(Task requirements): Below this line is a set of entries; quote exactly the lines from the line that contains "Lemma sum_n_C_plus (a" to the line that contains "(* For every", both lines included.

━━ Study material ━━

Lemma glue_nonneg u v x : 0 <= x -> glue u v x = v x.
Proof. unfold glue; destruct (Rle_dec 0 x); lra. Qed.

Lemma glue_neg u v x : x < 0 -> glue u v x = u x.
Proof. unfold glue; destruct (Rle_dec 0 x); lra. Qed.

Lemma is_derive_glue0 u v l : is_derive u 0 l -> is_derive v 0 l -> u 0 = v 0 ->
  is_derive (glue u v) 0 l.
Proof.
  rewrite !is_derive_Reals. intros Hu Hv E eps Heps.
  destruct (Hu eps Heps) as [d1 H1]. destruct (Hv eps Heps) as [d2 H2].
  assert (Hd : 0 < Rmin d1 d2) by (apply Rmin_pos; apply cond_pos).
  exists (mkposreal _ Hd). intros h Hh Hlt. simpl in Hlt.
  specialize (H1 h Hh (Rlt_le_trans _ _ _ Hlt (Rmin_l _ _))).
  specialize (H2 h Hh (Rlt_le_trans _ _ _ Hlt (Rmin_r _ _))).
  rewrite Rplus_0_l in H1, H2 |- *. rewrite (glue_nonneg u v 0) by lra.
  destruct (Rle_dec 0 h).
  - now rewrite glue_nonneg.
  - now rewrite glue_neg, <- E by lra.
Qed.

Lemma is_derive_glue u v : smooth u -> smooth v -> u 0 = v 0 -> Derive u 0 = Derive v 0 ->
  forall y, is_derive (glue u v) y (glue (Derive u) (Derive v) y).
Proof.
  intros Su Sv E0 E1 y. destruct (Rlt_le_dec 0 y) as [Hy | Hy].
  - rewrite glue_nonneg by lra. apply (is_derive_ext_loc v).
    + apply (filter_imp (fun t => 0 < t)); [intros t Ht; now rewrite glue_nonneg by lra |].
      now apply open_gt.
    + now apply Derive_correct, smooth_ex_derive.
  - destruct (Rle_lt_or_eq_dec _ _ Hy) as [Hy' | ->].
    + rewrite glue_neg by lra. apply (is_derive_ext_loc u).
      * apply (filter_imp (fun t => t < 0)); [intros t Ht; now rewrite glue_neg |].
        now apply open_lt.
      * now apply Derive_correct, smooth_ex_derive.
    + rewrite glue_nonneg by lra. apply is_derive_glue0; auto.
      * rewrite <- E1. now apply Derive_correct, smooth_ex_derive.
      * now apply Derive_correct, smooth_ex_derive.
Qed.

Lemma Derive_n_glue u v : smooth u -> smooth v ->
  (forall n, Derive_n u n 0 = Derive_n v n 0) ->
  forall n x, Derive_n (glue u v) n x = glue (Derive_n u n) (Derive_n v n) x.
Proof.
  intros Su Sv E. induction n as [|n IH]; intros x; [reflexivity |].
  simpl. rewrite (Derive_ext _ _ _ IH). apply is_derive_unique, is_derive_glue;
    try apply smooth_Derive_n; auto. apply (E (S n)).
Qed.

Lemma smooth_glue u v : smooth u -> smooth v ->
  (forall n, Derive_n u n 0 = Derive_n v n 0) -> smooth (glue u v).
Proof.
  intros Su Sv E [|n] x; [exact I |]. simpl.
  apply (ex_derive_ext (glue (Derive_n u n) (Derive_n v n))).
  - intros t. symmetry. now apply Derive_n_glue.
  - eexists. apply is_derive_glue; try apply smooth_Derive_n; auto. apply (E (S n)).
Qed.
(* Let $|q|<1$ and let $x,y,s,t$ be complex numbers with $|t|,|s|,|xt|,|xs|<1$. Then $$\sum_{n=0}^\infty\sum_{m=0}^\infty h_{n+m}(x,y|q)\frac{t^n}{(q;q)_n}\frac{s^m}{(q;q)_m}=\frac{(ys;q)_\infty}{(s,xs,xt;q)_\infty}\ {}_2\phi_1\left(\begin{array}{c} y,\ xs\\ ys\end{array}; q,\ t\right).$$
   Context: Throughout $|q|<1$. $(a;q)_n=\prod_{k=0}^{n-1}(1-aq^k)$, $(a;q)_\infty=\prod_{k\ge0}(1-aq^k)$, $(a_1,\dots,a_m;q)_n=\prod_i(a_i;q)_n$ (also for $n=\infty$), ${n\brack k}=\frac{(q;q)_n}{(q;q)_k(q;q)_{n-k}}$, and ${}_2\phi_1\left(\begin{array}{c}a_1,a_2\\ b_1\end{array};q,z\right)=\sum_{n\ge0}\frac{(a_1,a_2;q)_n}{(q,b_1;q)_n}z^n$. $P_n(x,y)=(x-y)(x-qy)\cdots(x-q^{n-1}y)$ with $P_0=1$, and $h_n(x,y|q)=\sum_{k=0}^n{n\brack k}P_k(x,y)$. *)

From Stdlib Require Import Reals.
From Coquelicot Require Import Coquelicot.
Open Scope C_scope.

Fixpoint qpoch (a q : C) (n : nat) : C :=
  match n with
  | O => 1
  | S n' => qpoch a q n' * (1 - a * Cpow q n')
  end.

Definition qpoch_inf (a q : C) : C :=
  @lim (CompleteNormedModule.CompleteSpace C_AbsRing C_CompleteNormedModule) (filtermap (fun n => qpoch a q n) eventually).

Definition qbinom (q : C) (n k : nat) : C :=
  qpoch q q n / (qpoch q q k * qpoch q q (n - k)).

Fixpoint Pn (x y q : C) (n : nat) : C :=
  match n with
  | O => 1
  | S n' => Pn x y q n' * (x - Cpow q n' * y)
  end.

Definition hn (x y q : C) (n : nat) : C :=
  sum_n (fun k => qbinom q n k * Pn x y q k) n.

Definition CSeries (a : nat -> C) : C :=
  @lim (CompleteNormedModule.CompleteSpace C_AbsRing C_CompleteNormedModule)
       (filtermap (fun N => sum_n a N) eventually).

Definition phi21 (a1 a2 b1 q z : C) : C :=
  CSeries (fun n => (qpoch a1 q n * qpoch a2 q n)
                   / (qpoch q q n * qpoch b1 q n) * Cpow z n).

(* Write [h_m = (q;q)_m sum_j P_j(x,y)/(q;q)_j 1/(q;q)_(m-j)]. A recurrence in [m] for
   this convolution gives, by induction on [n],
     h_(n+m)/((q;q)_n (q;q)_m)
       = sum_(k<=n) (y;q)_k x^(n-k)/((q;q)_k (q;q)_(n-k)) h_m(x q^k, y q^k)/(q;q)_m.
   The q-binomial theorem [sum_j P_j(X,Y)/(q;q)_j z^j = (Yz;q)_oo/(Xz;q)_oo], proved from
   the functional equation [(1 - Xz) F(z) = (1 - Yz) F(qz)] of its left side, sums the
   series in [m]: the [k]-th one is [(ys q^k;q)_oo/((xs q^k;q)_oo (s;q)_oo)], i.e. the
   prefactor [(ys;q)_oo/((s;q)_oo (xs;q)_oo)] times [(xs;q)_k/(ys;q)_k]. The row sums are
   thus the Cauchy product of the 2phi1 series with [sum_l (xt)^l/(q;q)_l = 1/(xt;q)_oo],
   and both factors converge absolutely. *)

From Stdlib Require Import Reals Lra Lia.
From Coquelicot Require Import Coquelicot.
Open Scope C_scope.

(** * q-Pochhammer symbols and the expansion of [h_(n+m)] *)

(* Coquelicot's [sum_n] lemmas live in abstract rings; restated over [C] so that
   [ring] and [field] apply to their instances. *)
Lemma sum_n_C_S (a : nat -> C) n : @eq C (sum_n a (S n)) (sum_n a n + a (S n)).
Proof. exact (sum_Sn a n). Qed.

Lemma sum_n_C_ext_loc (a b : nat -> C) n :
  (forall k, (k <= n)%nat -> a k = b k) -> @eq C (sum_n a n) (sum_n b n).
Proof. apply sum_n_ext_loc. Qed.

Lemma sum_n_C_plus (a b : nat -> C) n :
  sum_n (fun k => a k + b k) n = sum_n a n + sum_n b n.
Proof. exact (sum_n_plus a b n). Qed.

Lemma sum_n_C_mult_l c (a : nat -> C) n : sum_n (fun k => c * a k) n = c * sum_n a n.
Proof. exact (sum_n_mult_l (K := C_Ring) c a n). Qed.

Lemma sum_n_C_shift (a : nat -> C) n :
  @eq C (sum_n a (S n)) (a O + sum_n (fun k => a (S k)) n).
Proof.
  induction n as [|n IH].
  - rewrite sum_n_C_S, !sum_O. reflexivity.
  - rewrite sum_n_C_S, IH, sum_n_C_S. ring.
Qed.
(* For every fixed integer $k\geq 0$ there exist constants $q^*_k$ and $C^*_k$ (depending only on $k$) such that for all integers $q\geq q^*_k$, $$\frac{2^q}{\binom{q}{\leq k}} \;\leq\; F^*_k(q)\;\leq\; \frac{2^q}{\binom{q}{\leq k}}+C^*_k .$$
   Context: Pathological liar game: fix integers $q,k\geq 0$. A state is a vector $\vec{x}=(x_0,\ldots,x_k)$ of nonnegative integers ($x_i$ = number of elements currently carrying $i$ lies; elements with $k+1$ lies are discarded). In each of $q$ rounds Paul chooses a legal question $\vec{a}=(a_0,\ldots,a_k)$ with integers $0\leq a_i\leq x_i$, and Carole answers Y or N; the new state is $Y(\vec{x},\vec{a})=(a_0,\,a_1+x_0-a_0,\,\ldots,\,a_k+x_{k-1}-a_{k-1})$ or $N(\vec{x},\vec{a})=(x_0-a_0,\,x_1-a_1+a_0,\,\ldots,\,x_k-a_k+a_{k-1})$ respectively. Paul wins the pathological game iff after $q$ rounds the state satisfies $\sum_{i=0}^k x_i\geq 1$. $F^*_k(q)$ denotes the minimum $n$ such that Paul has a winning strategy in the $q$-round pathological liar game with $k$ lies and initial state $(n,0,\ldots,0)$. Notation: $\binom{q}{\leq m}=\sum_{j=0}^m\binom{q}{j}$. *)

From mathcomp Require Import all_boot all_order all_algebra.
Set Implicit Arguments. Unset Strict Implicit. Unset Printing Implicit Defensive.

(* A state / question of the pathological liar game with k lies:
   a vector (x_0, ..., x_k) of natural numbers. *)
Definition lstate (k : nat) := {ffun 'I_k.+1 -> nat}.

Definition comp k (x : lstate k) (j : nat) : nat := x (inord j).

Definition legal k (x a : lstate k) : Prop := forall i : 'I_k.+1, a i <= x i.

Definition Yans k (x a : lstate k) : lstate k :=
  [ffun i : 'I_k.+1 => if val i == 0 then a i
                       else a i + (comp x (val i).-1 - comp a (val i).-1)].

Definition Nans k (x a : lstate k) : lstate k :=
  [ffun i : 'I_k.+1 => if val i == 0 then x i - a i
                       else (x i - a i) + comp a (val i).-1].

(* Paul wins the q-round pathological game from state x:
   after q rounds, whatever Carole answers, sum_i x_i >= 1. *)
Fixpoint pwin k (q : nat) (x : lstate k) : Prop :=
  match q with
  | 0 => 1 <= \sum_(i < k.+1) x i
  | q'.+1 => exists a : lstate k,
      legal x a /\ pwin q' (Yans x a) /\ pwin q' (Nans x a)
  end.

Definition init_state k (n : nat) : lstate k :=
  [ffun i : 'I_k.+1 => if val i == 0 then n else 0].

Definition is_Fstar (k q n : nat) : Prop :=
  pwin q (init_state k n) /\ forall m, m < n -> ~ pwin q (init_state k m).

Definition binom_le (q m : nat) : nat := \sum_(j < m.+1) 'C(q, j).

(* Lower bound: give an element with [i] lies the weight [binom_le j (k - i)], the
   number of answer sequences of length [j] that do not discard it.  The weights of
   the two answers to a question add up to the weight before it, and a state that
   Paul wins in [j] rounds has weight at least [2 ^ j]; hence
   [F^*_k(q) * binom_le q k >= 2 ^ q].

   Upper bound: let [n] be the least multiple of [2 ^ k] above [2 ^ q / binom_le q k].
   The first [k] questions split every class exactly in half.  Afterwards Paul halves
   each class of elements with fewer than [k] lies, which keeps these classes within
   [2 i + 1] of their expected sizes [n 'C(t, i) / 2 ^ t], and he uses the elements
   with [k] lies to keep the weight of both answers at least [2 ^ j]: by Vandermonde's
   identity the expected classes leave to the elements with [k] lies a fraction
   [~ 'C(t, k) / binom_le q k] of the weight, exponentially more than the polynomial
   error terms.  When a number [J] of rounds depending only on [k] is left, at most
   [2 k ^ 2] elements with fewer than [k] lies remain; giving them the words of a
   code of minimum distance [2 k + 1] makes their Hamming balls disjoint, and the
   Hamming bound lets a greedy strategy win from any state of weight [2 ^ J]. *)

From Pilot Require Import Defs.
From mathcomp Require Import all_boot all_order all_algebra.
From mathcomp Require Import zify.
From Stdlib Require Import Classical.
Set Implicit Arguments. Unset Strict Implicit. Unset Printing Implicit Defensive.
(* Re-importing ssrfun shadows the component accessor of Defs by function composition. *)
Local Notation comp := Defs.comp.

(** * Partial sums of binomial coefficients *)

Lemma binom_le0 n : binom_le n 0 = 1.
Proof. by rewrite /binom_le big_ord_recl big_ord0 bin0. Qed.

Lemma binom_le_recr n m : binom_le n m.+1 = binom_le n m + 'C(n, m.+1).
Proof. by rewrite /binom_le big_ord_recr. Qed.
Lemma cost_sum x (v : 'I_r -> nat -> U) : (forall i t, v i t \in Es i) ->
  cost A B g alpha x (fun t => \sum_(i < r) v i t) =
  \big[eadd/Some R0]_(i < r) cost A B g alpha (rho i x) (v i).
Proof.
move=> vEs; rewrite /cost -series_val_sum => [|i t]; last first.
  by apply: Rmult_le_pos; [exact/pow_le/Rlt_le | exact: g_nonneg].
congr series_val; apply: functional_extensionality => t.
rewrite -(big_endo (Rmult _) (Rmult_plus_distr_l _) (Rmult_0_r _)).
rewrite traj_sum g_sep; congr Rmult; apply: eq_bigr => j _.
by rewrite rho_sum // => i; apply: traj_mem => //; exact: memv_sum_pi.
Qed.

Lemma policy_components (u : nat -> U) :
  (forall t, u t \in (\sum_(i < r) Es i)%VS) ->
  exists w : nat -> 'I_r -> U,
    (forall t i, w t i \in Es i) /\ u = fun t => \sum_(i < r) w t i.
Proof.
move=> uEs; have [w wP] : exists w : nat -> 'I_r -> U, forall t,
    (forall i, w t i \in Es i) /\ u t = \sum_(i < r) w t i.
  apply: (choice (fun t (wt : 'I_r -> U) =>
    (forall i, wt i \in Es i) /\ u t = \sum_(i < r) wt i)) => t.
  have /memv_sumP[wt wtEs ->] := uEs t.
  by exists wt; split=> // i; exact: wtEs.
exists w; split=> [t|]; first exact: (wP t).1.
by apply: functional_extensionality => t; exact: (wP t).2.
Qed.

Lemma sum_sub_optimal_optimal x (u : nat -> U) (ubar : 'I_r -> nat -> U) :
  optimal_in fullv A B g alpha x u ->
  (forall t, u t \in (\sum_(i < r) Es i)%VS) ->
  (forall i, optimal_in (Es i) A B g alpha (rho i x) (ubar i)) ->
  optimal_in fullv A B g alpha x (fun t => \sum_(i < r) ubar i t).
Proof.
move=> [_ u_opt] uEs ubar_opt; split=> [t|u' _]; first exact: memvf.
apply: ele_trans (u_opt u' (fun t => memvf _)).
have [w [wEs ->]] := policy_components uEs.
rewrite !cost_sum => [||i t]; last exact: (ubar_opt i).1.
- by apply: ele_sum => i; apply: (ubar_opt i).2 => t; exact: wEs.
- by move=> i t; exact: wEs.
Qed.

End Decomposition.

Theorem lemma2 (F : fieldType) (X U : vectType F)
  (A : 'End(X)) (B : 'Hom(U, X))
  (B_inj : lker B = 0%VS)
  (r : nat) (r_gt1 : (1 < r)%N) (Xs : 'I_r -> {vspace X})
  (Xs_direct : directv (\sum_(i < r) Xs i)%VS)
  (Xs_full : (\sum_(i < r) Xs i)%VS = fullv)
  (Xs_inv : forall i, (A @: Xs i <= Xs i)%VS)
  (g : X -> R) (g_nonneg : forall x, Rle R0 (g x))
  (g_zero : forall x, g x = R0 <-> x = 0%R)
  (g_sep : forall x, g x =
     \big[Rplus/R0]_(i < r) g (sumv_pi_for (erefl (\sum_(j < r) Xs j)%VS) i x))
  (alpha : R) (alpha_pos : Rlt R0 alpha) (alpha_lt1 : Rlt alpha R1)
  (att_full : forall x : X, exists u, optimal_in fullv A B g alpha x u)
  (att_sub : forall (i : 'I_r) (x : X), x \in Xs i ->
     exists u, optimal_in (B @^-1: Xs i)%VS A B g alpha x u) :
  let rho := sumv_pi_for (erefl (\sum_(j < r) Xs j)%VS) in
  let E := fun i : 'I_r => (B @^-1: Xs i)%VS in
  ( (forall x : X,
       opt_value fullv A B g alpha x =
       \big[eadd/Some R0]_(i < r) opt_value (E i) A B g alpha (rho i x))
    /\
    (forall (x : X) (ubar : 'I_r -> nat -> U),
       (forall i, optimal_in (E i) A B g alpha (rho i x) (ubar i)) ->
       optimal_in fullv A B g alpha x (fun t => (\sum_(i < r) ubar i t)%R)) )
  <->
  (forall x : X, exists u, optimal_in fullv A B g alpha x u /\
     (forall t, u t \in (\sum_(i < r) E i)%VS)).
Proof.
move=> rho E.
have sub_optimal x : exists ubar : 'I_r -> nat -> U,
    forall i, optimal_in (E i) A B g alpha (rho i x) (ubar i).
  apply: (@fin_all_exists _ (fun=> nat -> U) (fun i ui =>
    optimal_in (E i) A B g alpha (rho i x) ui)) => i.
  by apply: att_sub; exact: memv_sum_pi.
split=> [[_ sum_optimal] x | has_optimal].
  have [ubar ubar_opt] := sub_optimal x.
  exists (fun t => (\sum_(i < r) ubar i t)%R); split; first exact: sum_optimal.
  by move=> t; apply: memv_sumr => i _; exact: (ubar_opt i).1.
have sum_optimal x ubar : (forall i, optimal_in (E i) A B g alpha (rho i x) (ubar i)) ->
    optimal_in fullv A B g alpha x (fun t => (\sum_(i < r) ubar i t)%R).
  have [u [u_opt uE]] := has_optimal x.
  exact: (sum_sub_optimal_optimal Xs_direct Xs_full Xs_inv g_nonneg g_sep
            alpha_pos u_opt uE).
split=> // x; have [ubar ubar_opt] := sub_optimal x.
rewrite (opt_value_optimal (sum_optimal x ubar ubar_opt)).
rewrite (cost_sum Xs_direct Xs_full Xs_inv g_nonneg g_sep alpha_pos).
  by apply: eq_bigr => i _; rewrite (opt_value_optimal (ubar_opt i)).
by move=> i; exact: (ubar_opt i).1.
Qed.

━━━

(Answer box):
Lemma sum_n_C_plus (a b : nat -> C) n :
  sum_n (fun k => a k + b k) n = sum_n a n + sum_n b n.
Proof. exact (sum_n_plus a b n). Qed.

Lemma sum_n_C_mult_l c (a : nat -> C) n : sum_n (fun k => c * a k) n = c * sum_n a n.
Proof. exact (sum_n_mult_l (K := C_Ring) c a n). Qed.

Lemma sum_n_C_shift (a : nat -> C) n :
  @eq C (sum_n a (S n)) (a O + sum_n (fun k => a (S k)) n).
Proof.
  induction n as [|n IH].
  - rewrite sum_n_C_S, !sum_O. reflexivity.
  - rewrite sum_n_C_S, IH, sum_n_C_S. ring.
Qed.
(* For every fixed integer $k\geq 0$ there exist constants $q^*_k$ and $C^*_k$ (depending only on $k$) such that for all integers $q\geq q^*_k$, $$\frac{2^q}{\binom{q}{\leq k}} \;\leq\; F^*_k(q)\;\leq\; \frac{2^q}{\binom{q}{\leq k}}+C^*_k .$$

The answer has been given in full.